Ulaşım ihtiyacı olan turistleri fahiş fiyatlar ile şehirde gezdirip soyarsak,
İndirim yapmak yerine bindirim yaparak gelenleri kaz gibi yolarsak,
Kars lı hemşerimize 25 liraya sattığımız kaşarı doğu ekspresi ile gelenlere elli liraya satarsak
En büyük ahmaklığı ve divaneliği etmiş oluruz.
Altın yumurtlayan kazı kesersek bu şehre karşı cinayet işlemiş oluruz.
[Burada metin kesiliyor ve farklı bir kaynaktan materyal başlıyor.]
(* Let $(\mathbf{H},m,\Delta)$ be a commutative and cocommutative set Hopf monoid, and equip each $\mathbf{H}[I]$ with the reassembly partial order $\le_r$. Then $\mathbf{H}$ is a poset Hopf monoid with respect to these orders, and it is self-adjoint with $\Delta\dashv m$, i.e. for every decomposition $I=S\sqcup T$ and all $x\in\mathbf{H}[I]$, $y\in\mathbf{H}[S]$, $z\in\mathbf{H}[T]$: $\Delta_{S,T}(x)\le_r(y,z)$ (product order) if and only if $x\le_r m_{S,T}(y,z)$.
   Context: A (connected) set species $\mathbf{H}$ assigns to each finite set $I$ a finite set $\mathbf{H}[I]$, with $\mathbf{H}[\emptyset]=\{1\}$, and to each bijection $f:I\to J$ a bijection $\mathbf{H}[f]$, functorially. A set Hopf monoid $(\mathbf{H},m,\Delta)$ has maps $m_{S,T}:\mathbf{H}[S]\times\mathbf{H}[T]\to\mathbf{H}[S\sqcup T]$ (natural in bijections, associative, with unit $1$) and $\Delta_{S,T}:\mathbf{H}[S\sqcup T]\to\mathbf{H}[S]\times\mathbf{H}[T]$ (natural, coassociative, counital: $\Delta_{I,\emptyset}(x)=(x,1)$, $\Delta_{\emptyset,I}(x)=(1,x)$), satisfying compatibility: for $I=S_1\sqcup S_2=T_1\sqcup T_2$, $A=S_1\cap T_1$, $B=S_1\cap T_2$, $C=S_2\cap T_1$, $D=S_2\cap T_2$, if $\Delta_{A,B}(x)=(x_A,x_B)$, $\Delta_{C,D}(y)=(y_C,y_D)$ then $\Delta_{T_1,T_2}(m_{S_1,S_2}(x,y))=(m_{A,C}(x_A,y_C),m_{B,D}(x_B,y_D))$. Iterated maps $m_{S_1,\dots,S_k}$, $\Delta_{S_1,\dots,S_k}$ are defined by (co)associativity. It is commutative if $m_{S,T}(x,y)=m_{T,S}(y,x)$ and cocommutative if $\Delta_{S,T}(x)=(y,z)\iff\Delta_{T,S}(x)=(z,y)$. The reassembly relation: $x\le_r y$ for $x,y\in\mathbf{H}[I]$ iff $y=m_{S_1,\dots,S_k}\circ\Delta_{S_1,\dots,S_k}(x)$ for some set partition $S_1\sqcup\dots\sqcup S_k=I$; for commutative and cocommutative $\mathbf{H}$ this is a partial order (Marberg). A poset Hopf monoid is a set Hopf monoid together with partial orders on each $\mathbf{H}[I]$ such that all relabelling maps $\mathbf{H}[f]$, all $m_{S,T}$ and all $\Delta_{S,T}$ are order-preserving (product orders on products). It is self-adjoint if the monoid $(\mathbf{H},m)$ and comonoid $(\mathbf{H},\Delta)$ form an adjoint pair, i.e. $m_{S,T}$ and $\Delta_{S,T}$ form a Galois connection for all $S,T$. *)

From HB Require Import structures.
From mathcomp Require Import all_boot.
From mathcomp Require Import finmap.

Set Implicit Arguments.
Unset Strict Implicit.
Unset Printing Implicit Defensive.

Local Open Scope fset_scope.

(* Finite sets are represented as finite subsets of nat (an equivalent
   skeleton-free full subcategory of finite sets and bijections). *)
Notation fs := {fset nat}.

Definition tr (H : fs -> finType) (I J : fs) (e : I = J) (x : H I) : H J :=
  match e in _ = K return H K with erefl => x end.
Arguments tr {H I J} e x.

Definition bij_on (f : nat -> nat) (I J : fs) : Prop :=
  {in I &, injective f} /\ [fset f a | a in I] = J.

Record set_hopf_monoid := SetHopfMonoid {
  hcar :> fs -> finType;
  hrel : forall (I J : fs) (f : nat -> nat), bij_on f I J -> hcar I -> hcar J;
  hone : hcar fset0;
  hm : forall (S T : fs), fdisjoint S T -> hcar S -> hcar T -> hcar (S `|` T);
  hd : forall (S T : fs), fdisjoint S T -> hcar (S `|` T) -> hcar S * hcar T;
  hone_uniq : forall x : hcar fset0, x = hone;
  hrel_ext : forall I J f g (p : bij_on f I J) (q : bij_on g I J),
    {in I, f =1 g} -> forall x, hrel p x = hrel q x;
  hrel_id : forall I (p : bij_on id I I) x, hrel p x = x;
  hrel_comp : forall I J K f g (p : bij_on f I J) (q : bij_on g J K)
    (r : bij_on (g \o f) I K) x, hrel q (hrel p x) = hrel r x;
  hm_nat : forall S T S' T' f (d : fdisjoint S T) (d' : fdisjoint S' T')
    (p : bij_on f (S `|` T) (S' `|` T')) (pS : bij_on f S S') (pT : bij_on f T T') x y,
    hrel p (hm d x y) = hm d' (hrel pS x) (hrel pT y);
  hd_nat : forall S T S' T' f (d : fdisjoint S T) (d' : fdisjoint S' T')
    (p : bij_on f (S `|` T) (S' `|` T')) (pS : bij_on f S S') (pT : bij_on f T T') x,
    hd d' (hrel p x) = (hrel pS (hd d x).1, hrel pT (hd d x).2);
  hm_assoc : forall S T U (d1 : fdisjoint S (T `|` U)) (d2 : fdisjoint T U)
    (d3 : fdisjoint (S `|` T) U) (d4 : fdisjoint S T) x y z,
    tr (fsetUA S T U) (hm d1 x (hm d2 y z)) = hm d3 (hm d4 x y) z;
  hm_unitl : forall I (d : fdisjoint fset0 I) x, tr (fset0U I) (hm d hone x) = x;
  hm_unitr : forall I (d : fdisjoint I fset0) x, tr (fsetU0 I) (hm d x hone) = x;
  hd_coassoc : forall S T U (d1 : fdisjoint S (T `|` U)) (d2 : fdisjoint T U)
    (d3 : fdisjoint (S `|` T) U) (d4 : fdisjoint S T) x,
    let r := hd d1 x in
    let l := hd d3 (tr (fsetUA S T U) x) in
    [/\ (hd d4 l.1).1 = r.1, (hd d4 l.1).2 = (hd d2 r.2).1 & l.2 = (hd d2 r.2).2];
  hd_counitr : forall I (d : fdisjoint I fset0) x,
    hd d (tr (esym (fsetU0 I)) x) = (x, hone);
  hd_counitl : forall I (d : fdisjoint fset0 I) x,
    hd d (tr (esym (fset0U I)) x) = (hone, x);
  (* compatibility: I = S1 + S2 = T1 + T2, A = S1 & T1, B = S1 & T2,
     C = S2 & T1, D = S2 & T2 *)
  hcompat : forall S1 S2 T1 T2 (dS : fdisjoint S1 S2) (dT : fdisjoint T1 T2)
    (e : S1 `|` S2 = T1 `|` T2)
    (eS1 : S1 = (S1 `&` T1) `|` (S1 `&` T2)) (eS2 : S2 = (S2 `&` T1) `|` (S2 `&` T2))
    (eT1 : (S1 `&` T1) `|` (S2 `&` T1) = T1) (eT2 : (S1 `&` T2) `|` (S2 `&` T2) = T2)
    (dAB : fdisjoint (S1 `&` T1) (S1 `&` T2)) (dCD : fdisjoint (S2 `&` T1) (S2 `&` T2))
    (dAC : fdisjoint (S1 `&` T1) (S2 `&` T1)) (dBD : fdisjoint (S1 `&` T2) (S2 `&` T2))
    (x : hcar S1) (y : hcar S2),
    let px := hd dAB (tr eS1 x) in
    let py := hd dCD (tr eS2 y) in
    hd dT (tr e (hm dS x y)) = (tr eT1 (hm dAC px.1 py.1), tr eT2 (hm dBD px.2 py.2))
}.

Arguments hrel {s I J f} p x.
Arguments hm {s S T} d x y.
Arguments hd {s S T} d x.
Arguments hone {s}.

Definition commutative_hm (H : set_hopf_monoid) : Prop :=
  forall S T (d : fdisjoint S T) (d' : fdisjoint T S) (x : H S) (y : H T),
    tr (fsetUC S T) (hm d x y) = hm d' y x.

Definition cocommutative_hm (H : set_hopf_monoid) : Prop :=
  forall S T (d : fdisjoint S T) (d' : fdisjoint T S) (x : H (S `|` T)),
    hd d' (tr (fsetUC S T) x) = ((hd d x).2, (hd d x).1).

(* ordered set partitions S_1, ..., S_k (blocks nonempty, pairwise disjoint) *)
Fixpoint bigU (l : seq fs) : fs :=
  if l is B :: l' then B `|` bigU l' else fset0.

Fixpoint is_setpart (l : seq fs) : bool :=
  if l is B :: l' then [&& B != fset0, fdisjoint B (bigU l') & is_setpart l']
  else true.

Lemma setpart_disj S l : is_setpart (S :: l) -> fdisjoint S (bigU l).
Proof. by case/and3P. Qed.
(* Let $|\psi\rangle\in\mathcal{H}$ be a normalized pure state that is UDA relative to a non-trivial neighborhood structure $\mathcal{N}=\{\mathcal{N}_k\}$, and write $\rho=|\psi\rangle\langle\psi|$. Consider the optimization problem: maximize $-\mathrm{tr}(H\rho)$ over Hermitian operators $H$ on $\mathcal{H}$ subject to (i) $H+\rho\ge0$ and (ii) $H$ is quasi-local relative to $\mathcal{N}$, i.e. $H=\sum_k H_{\mathcal{N}_k}\otimes I_{\overline{\mathcal{N}}_k}$ for some operators $H_{\mathcal{N}_k}$ on $\bigotimes_{a\in\mathcal{N}_k}\mathcal{H}_a$. Assume this problem attains its optimal value, i.e. some feasible $H$ achieves the supremum. Then there exists a Hamiltonian that is quasi-local relative to $\mathcal{N}$ and has $|\psi\rangle$ as its unique ground state.
   Context: $\mathcal{H}=\bigotimes_{a=1}^N\mathcal{H}_a$ is finite-dimensional; $\mathcal{D}(\mathcal{H})$ is the set of density operators. A neighborhood is $\mathcal{N}_k\subsetneq\{1,\dots,N\}$ with complement $\overline{\mathcal{N}}_k$; a neighborhood structure is a finite collection of neighborhoods, non-trivial if every index lies in some neighborhood and each neighborhood intersects another. $\rho_{\mathcal{N}_k}=\mathrm{tr}_{\overline{\mathcal{N}}_k}\rho$. A state $\rho$ is UDA relative to $\mathcal{N}$ if no $\sigma\in\mathcal{D}(\mathcal{H})$, $\sigma\neq\rho$, has $\sigma_{\mathcal{N}_k}=\rho_{\mathcal{N}_k}$ for all $k$. A Hamiltonian is quasi-local relative to $\mathcal{N}$ if it is Hermitian of the form $\sum_kH_{\mathcal{N}_k}\otimes I_{\overline{\mathcal{N}}_k}$; $|\psi\rangle$ is its unique ground state if the eigenspace of the smallest eigenvalue is $\mathrm{span}\{|\psi\rangle\}$. *)

(* Finite-dimensional quantum systems over C := R[i],
   R an arbitrary realType (all realTypes are isomorphic to the reals). *)
From HB Require Import structures.
From mathcomp Require Import all_boot all_order all_algebra.
From mathcomp Require Import complex.
From mathcomp Require Import reals.
Set Implicit Arguments. Unset Strict Implicit. Unset Printing Implicit Defensive.
Import Order.TTheory GRing.Theory Num.Theory.
Local Open Scope ring_scope.

Section Quantum.
Variable R : realType.
Local Notation C := (R[i]).
Variables (N : nat) (d : 'I_N -> nat).

(* computational basis of H = ⊗_a H_a : configurations x with x a : 'I_(d a) *)
Definition basis := {dffun forall a : 'I_N, 'I_(d a)}.

(* operators on H (matrix entries <x|A|y>) and vectors of H *)
Definition op := basis -> basis -> C.
Definition vec := basis -> C.

Definition opadd (A B : op) : op := fun x y => A x y + B x y.
Definition opmul (A B : op) : op := fun x y => \sum_(z : basis) A x z * B z y.
Definition optr (A : op) : C := \sum_(x : basis) A x x.
Definition opapp (A : op) (v : vec) : vec := fun x => \sum_(y : basis) A x y * v y.
Definition hermitian (A : op) := forall x y, A y x = (A x y)^*.
Definition psd (A : op) :=
  hermitian A /\ forall v : vec, 0 <= \sum_(x : basis) \sum_(y : basis) (v x)^* * A x y * v y.
Definition density (s : op) := psd s /\ optr s = 1.
Definition normalized (psi : vec) := \sum_(x : basis) (psi x)^* * psi x = 1.
Definition proj (psi : vec) : op := fun x y => psi x * (psi y)^*.

Definition glue (S : {set 'I_N}) (x w : basis) : basis :=
  [ffun a => if a \in S then x a else w a].
Definition agree_on (S : {set 'I_N}) (x y : basis) := [forall a in S, x a == y a].

(* reduced operator rho_S = tr_{S^c} rho, viewed as the kernel
   (x_S, y_S) |-> sum_{z on S^c} rho (x_S z) (y_S z); it depends only on the S-parts *)
Definition ptrace (S : {set 'I_N}) (rho : op) : op :=
  fun x y => \sum_(w : basis | agree_on S w x) rho w (glue S y w).

(* A = h ⊗ I_{S^c} for some operator h on ⊗_{a in S} H_a *)
Definition local_on (S : {set 'I_N}) (A : op) :=
  exists h : op,
    (forall x x' y y', agree_on S x x' -> agree_on S y y' -> h x y = h x' y') /\
    (forall x y, A x y = if agree_on (~: S) x y then h x y else 0).

Definition neighborhood_structure (K : nat) (nb : 'I_K -> {set 'I_N}) :=
  forall k, nb k \proper [set: 'I_N].
Definition nontrivial (K : nat) (nb : 'I_K -> {set 'I_N}) :=
  (forall a : 'I_N, exists k, a \in nb k) /\
  (forall k, exists k', k' != k /\ nb k :&: nb k' != set0).

Definition UDA (K : nat) (nb : 'I_K -> {set 'I_N}) (rho : op) :=
  forall sigma : op, density sigma ->
    (forall k, ptrace (nb k) sigma = ptrace (nb k) rho) -> sigma = rho.

Definition quasi_local (K : nat) (nb : 'I_K -> {set 'I_N}) (H : op) :=
  hermitian H /\
  exists hs : 'I_K -> op, (forall k, local_on (nb k) (hs k)) /\
    forall x y, H x y = \sum_(k < K) hs k x y.

Definition eigenvalue (H : op) (mu : C) :=
  exists v : vec, (exists x, v x != 0) /\ opapp H v = (fun x => mu * v x).

Definition unique_ground_state (H : op) (psi : vec) :=
  exists lam : C, eigenvalue H lam /\ (forall mu, eigenvalue H mu -> lam <= mu) /\
    forall v : vec, opapp H v = (fun x => lam * v x) <-> exists c : C, v = (fun x => c * psi x).

Definition feasible (K : nat) (nb : 'I_K -> {set 'I_N}) (rho H : op) :=
  hermitian H /\ psd (opadd H rho) /\ quasi_local nb H.

End Quantum.

From Pilot Require Import Defs.
From mathcomp Require Import all_boot all_order all_algebra.
From mathcomp Require Import complex.
From mathcomp Require Import reals.
From mathcomp Require Import ring lra.
From Stdlib Require Import FunctionalExtensionality.
Import Order.TTheory GRing.Theory Num.Theory.
Local Open Scope ring_scope.
Set Implicit Arguments. Unset Strict Implicit. Unset Printing Implicit Defensive.

(* Let rho = |psi><psi| and let H0 be optimal, so that M := H0 + rho >= 0.  Optimality
   says that <psi|L|psi> >= 0 whenever L is quasi-local and L + sM >= 0 for some real s,
   for otherwise H0 + tL would be a better feasible point for small t > 0.  So the
   functional L + sM |-> <psi|L|psi> is positive on the psd operators of the span of M
   and the quasi-local operators.  This span contains the identity, an interior point of
   the psd cone, hence the M. Riesz extension theorem (run one real coordinate at a time,
   each new value being a supremum) extends the functional to tr(Y .) with Y >= 0.  Local
   operators are complex combinations of Hermitian quasi-local ones, so Y has the
   marginals and the trace of rho, and Y = rho by UDA.  Thus <psi|M|psi> = tr(Y M) = 0,
   whence M psi = 0 and H0 psi = -psi, while H0 v = mu v gives
   0 <= <v|M|v> = mu |v|^2 + |<psi|v>|^2 <= (mu + 1) |v|^2 by Cauchy-Schwarz, with
   equality only on span{psi}. *)

(* all_algebra also exports a [hermitian] notation, for sesquilinear forms *)
Local Notation hermitian := Defs.hermitian.

Lemma quadratic_ge0_eq0 (F : realFieldType) (q n : F) :
  0 <= q -> 0 <= n -> (forall t, 0 <= t * t * q - 2 * t * n) -> n = 0.
Proof.
move=> q0 n0 hq; pose t := n / (q + 1).
have q1 : 0 < q + 1 by rewrite ltr_wpDl.
have tq : t * q = n - t by rewrite /t; field; rewrite gt_eqF.
have t0 : 0 <= t by rewrite /t divr_ge0 // ltW.
have := hq t; rewrite -mulrA tq => h.
have t00 : t = 0 by nra.
by move: tq; rewrite t00 mul0r subr0.
Qed.

Section Operators.
Variables (R : realType) (N : nat) (d : 'I_N -> nat).
Local Notation C := (R[i]).
Local Notation "x %:C" := (x%:C)%C (at level 1, format "x %:C").
Local Notation iC := ('i%C : C).
Local Notation Bs := (basis d).
Local Notation op := (op R d).
Local Notation vec := (vec R d).

(** * Operators and forms *)

Lemma conj_real (r : R) : (r%:C)^* = r%:C :> C.
Proof. exact: conjc_real. Qed.

Lemma conj_i : iC^* = - iC.
Proof. by apply/eqP; rewrite eq_complex /= oppr0 !eqxx. Qed.

Lemma mul_ii : iC * iC = -1.
Proof. by rewrite -expr2 sqr_i. Qed.

Lemma ReD (x y : C) : complex.Re (x + y) = complex.Re x + complex.Re y.
Proof. by case: x; case: y. Qed.

Lemma ReZ (r : R) (x : C) : complex.Re (r%:C * x) = r * complex.Re x.
Proof. by case: x => u v /=; rewrite mul0r subr0. Qed.

Lemma ImZ (r : R) (x : C) : complex.Im (r%:C * x) = r * complex.Im x.
Proof. by case: x => u v /=; rewrite mul0r addr0. Qed.

Lemma Re_sum (I : finType) (F : I -> C) :
  complex.Re (\sum_i F i) = \sum_i complex.Re (F i).
Proof. exact: (big_morph _ ReD). Qed.

Lemma Re_conj (z : C) : complex.Re (z^*) = complex.Re z.
Proof. by case: z. Qed.

Lemma Im_conj (z : C) : complex.Im (z^*) = - complex.Im z.
Proof. by case: z. Qed.

Lemma op_ext (A B : op) : (forall x y, A x y = B x y) -> A = B.
Proof.
by move=> eAB; apply: functional_extensionality => x;
  apply: functional_extensionality => y.
Qed.

Definition op0 : op := fun _ _ => 0.
Definition op1 : op := fun x y => (x == y)%:R.
Definition opscale (r : R) (A : op) : op := fun x y => r%:C * A x y.
Definition opadj (A : op) : op := fun x y => (A y x)^*.
Definition dotv (u w : vec) : C := \sum_x (u x)^* * w x.
Definition bform (u : vec) (A : op) (w : vec) : C := \sum_x \sum_y (u x)^* * A x y * w y.
Definition qform (v : vec) (A : op) : C := bform v A v.

Lemma opscale0 (A : op) : opscale 0 A = op0.
Proof. by apply: op_ext => x y; rewrite /opscale mul0r. Qed.

Lemma hermitian_add (A B : op) : hermitian A -> hermitian B -> hermitian (opadd A B).
Proof. by move=> hA hB x y; rewrite /opadd hA hB rmorphD. Qed.

Lemma hermitian_scale (r : R) (A : op) : hermitian A -> hermitian (opscale r A).
Proof. by move=> hA x y; rewrite /opscale hA rmorphM /= conj_real. Qed.

Lemma hermitian1 : hermitian op1.
Proof. by move=> x y; rewrite /op1 rmorph_nat eq_sym. Qed.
Kars esnafının adı fırsatçı ve kazıkçıya çıkarsa bu olumsuz kara leke sosyal medyada şehrimize ve esnafa karşı diğer şehirlerin eliyle karalama kampanyasına döner. Bir gelen bir daha gelmeye tövbe eder.
Bir zamanlar İstanbul da Kars’ın adı o kadar kötüye çıkmıştı ki bulaşıkçı bir arayan esnaf ilanın altına Karslı hariç yazıyordu.
Şimdi yıllardır ağlayan esnaf Kars ın meşhur kazını kaşarını balını yağını fahiş fiyata satıp milleti kaz gibi yolarsa Kars kazı ile değil kaz’ığıyla meşhur olur.
Bir anda şenlenen ve oteller, çıldır gölü, lokantalar ve mandıralar sinek avlamaya başlar. Doğu ekspresi yol ve güzergâh değiştirip başka şehirlerin yüzünü güldürmeye başlar.
Doğu ekspresi ve otobüs turları ile şehrimize mal, servet, iyilik, ihsan ve hayır getiren Hızır misüllü turistler izzeti ikram, ilgi, hürmet ve indirim yerine Kars Kaz’ığı yerseler bir daha kapımızı çalmazlar. Vesselam.